(INPUT DATA Opens)

(* Let $G$ be a connected graph with $n\ge 2$ nodes and diameter $D$, with nonnegative real loads, and run Algorithm 1 (described in the context). If the discrepancy of $G$ at the beginning of some round is $K$, then after that round the potential $p(G)$ has decreased by at least $K^2/(2D)$.
   Context: $G=(V,E)$ is an undirected connected graph, $n=|V|$, $D$ its diameter; each node $u$ holds a load $load(u)\ge 0$ (real). $L_{max},L_{min}$ denote the current maximum and minimum load, the discrepancy is $K=L_{max}-L_{min}$, $L_{avg}$ the average load (invariant under transfers), and the potential is $p(G)=\sum_{u\in V}(load(u)-L_{avg})^2$. Algorithm 1 (single proposal, continuous) proceeds in synchronous rounds; in each round, using the loads at the start of the round: (1) every node $u$ having at least one neighbor with strictly smaller load picks a neighbor $v$ maximizing $load(u)-load(v)$ (ties broken arbitrarily) and sends $v$ a proposal of value $p_{uv}=(load(u)-load(v))/2$; (2) every node that received at least one proposal accepts exactly one proposal of maximum value (ties arbitrary); (3) all accepted transfers are executed simultaneously (each accepted proposal $p_{wu}$ moves $p_{wu}$ from $w$ to $u$), and nodes report their new loads to neighbors. Thus each node gives load in at most one transfer and receives in at most one transfer per round. *)

From mathcomp Require Import all_boot all_order all_algebra.
Set Implicit Arguments. Unset Strict Implicit. Unset Printing Implicit Defensive.
Import Order.TTheory GRing.Theory Num.Theory.
Local Open Scope ring_scope.

Section Defs.
Variable V : finType.

Definition simple_graph (e : rel V) : Prop := symmetric e /\ irreflexive e.

Definition connected_graph (e : rel V) : Prop := forall x y : V, connect e x y.

Definition walk_len (e : rel V) (x y : V) (k : nat) : Prop :=
  exists p : seq V, [/\ path e x p, last x p = y & size p = k].

Definition is_diameter (e : rel V) (D : nat) : Prop :=
  (forall x y, exists k, (k <= D)%N /\ walk_len e x y k) /\
  (exists x y, forall k, walk_len e x y k -> (D <= k)%N).

Variable R : realFieldType.

Definition Lavg (l : V -> R) : R := (\sum_(u : V) l u) / #|V|%:R.

Definition potential (l : V -> R) : R := \sum_(u : V) (l u - Lavg l) ^+ 2.

Definition is_discrepancy (l : V -> R) (K : R) : Prop :=
  exists umax umin : V, K = l umax - l umin /\
    forall w, l umin <= l w /\ l w <= l umax.

(* step (1): proposals. prop u = Some v means u proposes to v. *)
Definition valid_proposals (e : rel V) (l : V -> R) (prop : V -> option V) : Prop :=
  forall u,
    match prop u with
    | Some v => [/\ e u v, l v < l u & forall w, e u w -> l u - l w <= l u - l v]
    | None => forall w, e u w -> l u <= l w
    end.

Definition prop_value (l : V -> R) (prop : V -> option V) (w : V) : R :=
  if prop w is Some v then (l w - l v) / 2 else 0.

(* step (2): acc v = Some w means v accepts the proposal from w,
   which must be one of maximal value among those v received. *)
Definition valid_acceptances (l : V -> R) (prop : V -> option V)
    (acc : V -> option V) : Prop :=
  forall v,
    match acc v with
    | Some w => prop w = Some v /\
        forall w', prop w' = Some v -> prop_value l prop w' <= prop_value l prop w
    | None => forall w, prop w <> Some v
    end.

Definition sent (l : V -> R) (prop acc : V -> option V) (u : V) : R :=
  if prop u is Some v then (if acc v == Some u then (l u - l v) / 2 else 0) else 0.

Definition received (l : V -> R) (acc : V -> option V) (v : V) : R :=
  if acc v is Some w then (l w - l v) / 2 else 0.

(* step (3): simultaneous execution *)
Definition new_loads (l : V -> R) (prop acc : V -> option V) : V -> R :=
  fun u => l u - sent l prop acc u + received l acc u.

Definition alg1_round (e : rel V) (l l' : V -> R) : Prop :=
  exists prop acc : V -> option V,
    [/\ valid_proposals e l prop, valid_acceptances l prop acc &
        l' = new_loads l prop acc].

End Defs.

From Pilot Require Import Defs.
From mathcomp Require Import all_boot all_order all_algebra.
From mathcomp Require Import ring lra.
Set Implicit Arguments. Unset Strict Implicit. Unset Printing Implicit Defensive.
Import Order.TTheory GRing.Theory Num.Theory.
Local Open Scope ring_scope.

(* Since a round conserves the total load, the potential drop equals the
   drop of the sum of squared loads, which is at least sum_v 2 r_v^2, where
   r_v is the amount received by v (a transfer of d contributes 2 d^2).
   To bound this from below, grow balls around a minimum-load node u_min
   and let h_t be the maximal load within distance t of u_min; h_0 = L_min,
   h_D = L_max, so the rises h_(t+1) - h_t add up to K, and by Cauchy-Schwarz
   their squares add up to at least K^2 / D.  Each strict rise is charged to
   the target v of the proposal of the new maximum: the rise lies in the
   window [l v, l v + 2 r_v], and the rises charged to a fixed v are disjoint
   subintervals of that window.  Hence sum_t rise_t^2 <= sum_v (2 r_v)^2,
   and the theorem follows. *)

Lemma potential_drop_sqsum (V : finType) (R : realFieldType) (l l' : V -> R) :
  \sum_u l' u = \sum_u l u ->
  potential l - potential l' = \sum_u (l u ^+ 2 - l' u ^+ 2).
Proof.
move=> same_total; rewrite /potential /Lavg same_total; set c := _ / _.
have cross : \sum_u (l u - l' u) = 0 by rewrite sumrB same_total subrr.
rewrite -sumrB; transitivity (\sum_u (l u ^+ 2 - l' u ^+ 2) - 2 * c * \sum_u (l u - l' u)).
  by rewrite mulr_sumr -sumrB; apply: eq_bigr => u _; ring.
by rewrite cross mulr0 subr0.
Qed.

(* Cauchy-Schwarz for N reals: (sum a)^2 / N <= sum a^2, via the
   identity sum_{s,t} (a s - a t)^2 = 2 (N sum a^2 - (sum a)^2). *)
Lemma sqr_sum_div_le (R : realFieldType) (N : nat) (a : nat -> R) :
  (\sum_(0 <= t < N) a t) ^+ 2 / N%:R <= \sum_(0 <= t < N) a t ^+ 2.
Proof.
set S := \sum_(0 <= t < N) a t; set Q := \sum_(0 <= t < N) a t ^+ 2.
case: N => [|n] in S Q *; first by rewrite invr0 mulr0 /Q big_geq.
have pair_sum : \sum_(0 <= s < n.+1) \sum_(0 <= t < n.+1) (a s - a t) ^+ 2 =
    2 * (n.+1%:R * Q - S ^+ 2).
  transitivity (\sum_(0 <= s < n.+1) (n.+1%:R * a s ^+ 2 + Q - (2 * S) * a s)).
    apply: eq_bigr => s _.
    rewrite (eq_bigr (fun t => a s ^+ 2 + a t ^+ 2 - (2 * a s) * a t)) => [|t _]; last by ring.
    rewrite sumrB big_split /= sumr_const_nat subn0 -mulr_sumr -/Q -/S -mulr_natl; ring.
  rewrite sumrB big_split /= -!mulr_sumr sumr_const_nat subn0 -/Q -/S -mulr_natl; ring.
rewrite ler_pdivrMr ?ltr0Sn //; rewrite -subr_ge0.
have : 0 <= 2 * (n.+1%:R * Q - S ^+ 2).
  by rewrite -pair_sum; apply: sumr_ge0 => s _; apply: sumr_ge0 => t _; exact: sqr_ge0.
by rewrite pmulr_rge0 // mulrC.
Qed.

Section MonotoneIncrements.
Variables (R : realFieldType) (M : nat -> R).
Hypothesis M_mono : forall t, M t <= M t.+1.

(* Increments of a nondecreasing sequence taken at steps which all lie in
   a window [a, a + x] are disjoint subintervals of it, so they add up to
   at most [x]. *)
Lemma increments_in_window (S : pred nat) (a x : R) N : 0 <= x ->
  (forall t, S t -> a <= M t /\ M t.+1 <= a + x) ->
  \sum_(0 <= t < N | S t) (M t.+1 - M t) <= x.
Proof.
move=> x0 window.
suff : let s := \sum_(0 <= t < N | S t) (M t.+1 - M t) in
    s = 0 \/ s <= x /\ s <= M N - a.
  by case=> [->|[]].
elim: N => [|N IH] /=; first by rewrite big_geq //; left.
rewrite big_mkcond big_nat_recr //= -big_mkcond; set s := \sum_(_ <= _ < _ | _) _ in IH *.
have := M_mono N; case: ifP => [/window [lo hi]|_] mono.
  by right; case: IH; lra.
by case: IH => [s0|IH]; [left|right]; lra.
Qed.

(* Each such increment is at most [x], so their squares add up to at
   most [x] times their sum, hence to at most [x^2]. *)
Lemma sq_increments_in_window (S : pred nat) (a x : R) N : 0 <= x ->
  (forall t, S t -> a <= M t /\ M t.+1 <= a + x) ->
  \sum_(0 <= t < N | S t) (M t.+1 - M t) ^+ 2 <= x ^+ 2.
Proof.
move=> x0 window; apply: le_trans (_ : \sum_(0 <= t < N | S t) x * (M t.+1 - M t) <= _).
  apply: ler_sum => t /window [lo hi]; rewrite expr2.
  by apply: ler_wpM2r; have := M_mono t; lra.
by rewrite -mulr_sumr expr2 ler_wpM2l // (increments_in_window _ x0 window).
Qed.

End MonotoneIncrements.

Section Balls.
Variables (V : finType) (e : rel V) (c : V).

Fixpoint ball (t : nat) : {set V} :=
  if t is t'.+1 then ball t' :|: [set u | [exists w in ball t', e u w]] else [set c].

Lemma ball_mono t s : (t <= s)%N -> ball t \subset ball s.
Proof.
elim: s => [|s IH]; first by rewrite leqn0 => /eqP ->.
rewrite leq_eqVlt => /orP[/eqP -> //| lt_ts].
exact: subset_trans (IH lt_ts) (subsetUl _ _).
Qed.

Lemma centre_in_ball t : c \in ball t.
Proof. by apply: (subsetP (ball_mono (leq0n t))); rewrite set11. Qed.

Lemma walk_in_ball x p : path e x p -> last x p = c -> x \in ball (size p).
Proof.
elim: p x => [|z p IH] x /=; first by move=> _ ->; rewrite set11.
case/andP=> exz pz lastc; rewrite !inE; apply/orP; right.
by apply/existsP; exists z; rewrite IH.
Qed.

Lemma new_in_ball t u :
  u \in ball t.+1 -> u \notin ball t -> exists2 w, w \in ball t & e u w.
Proof.
rewrite /= !inE => /orP[-> //|/existsP[w /andP[bw euw]]] _.
by exists w.
Qed.

Lemma ball_full D :
  (forall x, exists k, (k <= D)%N /\ walk_len e x c k) -> forall x, x \in ball D.
Proof.
move=> reach x; have [k [le_kD [p [px lastp size_p]]]] := reach x.
rewrite -size_p in le_kD; exact: (subsetP (ball_mono le_kD)) (walk_in_ball px lastp).
Qed.

End Balls.

Section Peaks.
Variables (V : finType) (R : realFieldType) (e : rel V) (l : V -> R) (c : V).

Definition peak (t : nat) : V := [arg max_(u > c in ball e c t) l u]%O.
Definition height (t : nat) : R := l (peak t).

Lemma peak_spec t : peak t \in ball e c t /\ forall w, w \in ball e c t -> l w <= height t.
Proof.
by rewrite /height /peak; case: arg_maxP; [exact: centre_in_ball|].
Qed.

Lemma height_ge t w : w \in ball e c t -> l w <= height t.
Proof. exact: (peak_spec t).2. Qed.

Lemma height_mono t : height t <= height t.+1.
Proof.
apply: height_ge; apply: (subsetP (ball_mono e c (leqnSn t))).
exact: (peak_spec t).1.
Qed.

Lemma height0 : height 0 = l c.
Proof. by have [/set1P peak0 _] := peak_spec 0; rewrite /height peak0. Qed.

End Peaks.

Section OneRound.
Variables (V : finType) (R : realFieldType) (e : rel V) (l : V -> R).
Variables (prop acc : V -> option V).
Hypothesis prop_ok : valid_proposals e l prop.
Hypothesis acc_ok : valid_acceptances l prop acc.

Local Notation sent := (sent l prop acc).
Local Notation received := (received l acc).
Local Notation l' := (new_loads l prop acc).

Lemma proposal_target_min u v w : prop u = Some v -> e u w -> l v <= l w.
Proof.
move=> puv euw; have := prop_ok u; rewrite puv => -[_ _ /(_ w euw)].
by rewrite lerD2l lerN2.
Qed.

Lemma proposes_of_lighter_neighbour u w :
  e u w -> l w < l u -> exists v, prop u = Some v.
Proof.
move=> euw lwu; have := prop_ok u; case: (prop u) => [v _|]; first by exists v.
by move=> /(_ w euw); rewrite leNgt lwu.
Qed.

Lemma proposal_downhill u v : prop u = Some v -> l v < l u.
Proof. by move=> puv; have := prop_ok u; rewrite puv => -[]. Qed.

Lemma received_ge_proposal u v : prop u = Some v -> l u - l v <= 2 * received v.
Proof.
move=> puv; rewrite /Defs.received; have := acc_ok v.
case: (acc v) => [w [pwv /(_ u puv)]|/(_ u)] //.
by rewrite /prop_value puv pwv; lra.
Qed.

Lemma received_ge0 v : 0 <= received v.
Proof.
rewrite /Defs.received; have := acc_ok v; case: (acc v) => [w [pwv _]|_] //.
by have := proposal_downhill pwv; lra.
Qed.

Lemma sent_ge0 u : 0 <= sent u.
Proof.
rewrite /Defs.sent; case puv: (prop u) => [v|] //.
by case: ifP => // _; have := proposal_downhill puv; lra.
Qed.

Lemma sum_over_transfers (g : V -> V -> R) :
  \sum_u (if prop u is Some v then (if acc v == Some u then g u v else 0) else 0) =
  \sum_v (if acc v is Some w then g w v else 0).
Proof.
pose transfer u v := (prop u == Some v) && (acc v == Some u).
transitivity (\sum_u \sum_v (if transfer u v then g u v else 0)).
  apply: eq_bigr => u _; rewrite /transfer; case: (prop u) => [v0|]; last by rewrite big1.
  rewrite (bigD1 v0) //= eqxx big1 ?addr0 // => v /negPf nv.
  by rewrite (inj_eq (@Some_inj _)) eq_sym nv.
rewrite exchange_big; apply: eq_bigr => v _; rewrite /transfer.
have := acc_ok v; case: (acc v) => [w0 [pw0 _]|_]; last by rewrite big1 // => u _; rewrite andbF.
rewrite (bigD1 w0) //= pw0 !eqxx big1 ?addr0 // => u /negPf nu.
by rewrite [Some w0 == _]eq_sym (inj_eq (@Some_inj _)) nu andbF.
Qed.

Lemma new_loads_total : \sum_u l' u = \sum_u l u.
Proof.
have sent_eq : \sum_u sent u = \sum_v received v.
  exact: (sum_over_transfers (fun w v => (l w - l v) / 2)).
rewrite /new_loads big_split sumrB /= sent_eq; ring.
Qed.

(* The sum of squared loads drops by at least twice the sum of the
   squared received amounts: for a transfer of d from w to v the two
   endpoints contribute exactly 2 d^2, and the cross term 2 s r of a
   node that both sends s and receives r is nonnegative. *)
Lemma sqsum_drop : \sum_v 2 * received v ^+ 2 <= \sum_u (l u ^+ 2 - l' u ^+ 2).
Proof.
pose out u := 2 * l u * sent u - sent u ^+ 2.
pose inn v := - 2 * l v * received v - received v ^+ 2.
have per_node u : out u + inn u <= l u ^+ 2 - l' u ^+ 2.
  have := sent_ge0 u; have := received_ge0 u; rewrite /out /inn /new_loads.
  move=> r0 s0; have := mulr_ge0 s0 r0; nra.
apply: le_trans (ler_sum _ (fun u _ => per_node u)); rewrite big_split /=.
have -> : \sum_u out u = \sum_v (if acc v is Some w then
    2 * l w * ((l w - l v) / 2) - ((l w - l v) / 2) ^+ 2 else 0).
  rewrite -sum_over_transfers; apply: eq_bigr => u _; rewrite /out /Defs.sent.
  by case: (prop u) => [v|]; [case: ifP => _|]; rewrite ?mulr0 ?expr0n /= ?subr0.
rewrite -big_split /=; apply: ler_sum => v _; rewrite /inn /Defs.received.
case: (acc v) => [w|]; last by rewrite expr0n /= !mulr0 !subr0 add0r.
by rewrite le_eqVlt; apply/orP; left; apply/eqP; field.
Qed.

(INPUT DATA Closes)

→ TRY IT
Exactly the lines from the one containing "apply: le_trans (ler_sum" to the final line of the entries must be restated, and no others.

→ ANSWER TO THIS EXERCISE
apply: le_trans (ler_sum _ (fun u _ => per_node u)); rewrite big_split /=.
have -> : \sum_u out u = \sum_v (if acc v is Some w then
    2 * l w * ((l w - l v) / 2) - ((l w - l v) / 2) ^+ 2 else 0).
  rewrite -sum_over_transfers; apply: eq_bigr => u _; rewrite /out /Defs.sent.
  by case: (prop u) => [v|]; [case: ifP => _|]; rewrite ?mulr0 ?expr0n /= ?subr0.
rewrite -big_split /=; apply: ler_sum => v _; rewrite /inn /Defs.received.
case: (acc v) => [w|]; last by rewrite expr0n /= !mulr0 !subr0 add0r.
by rewrite le_eqVlt; apply/orP; left; apply/eqP; field.
Qed.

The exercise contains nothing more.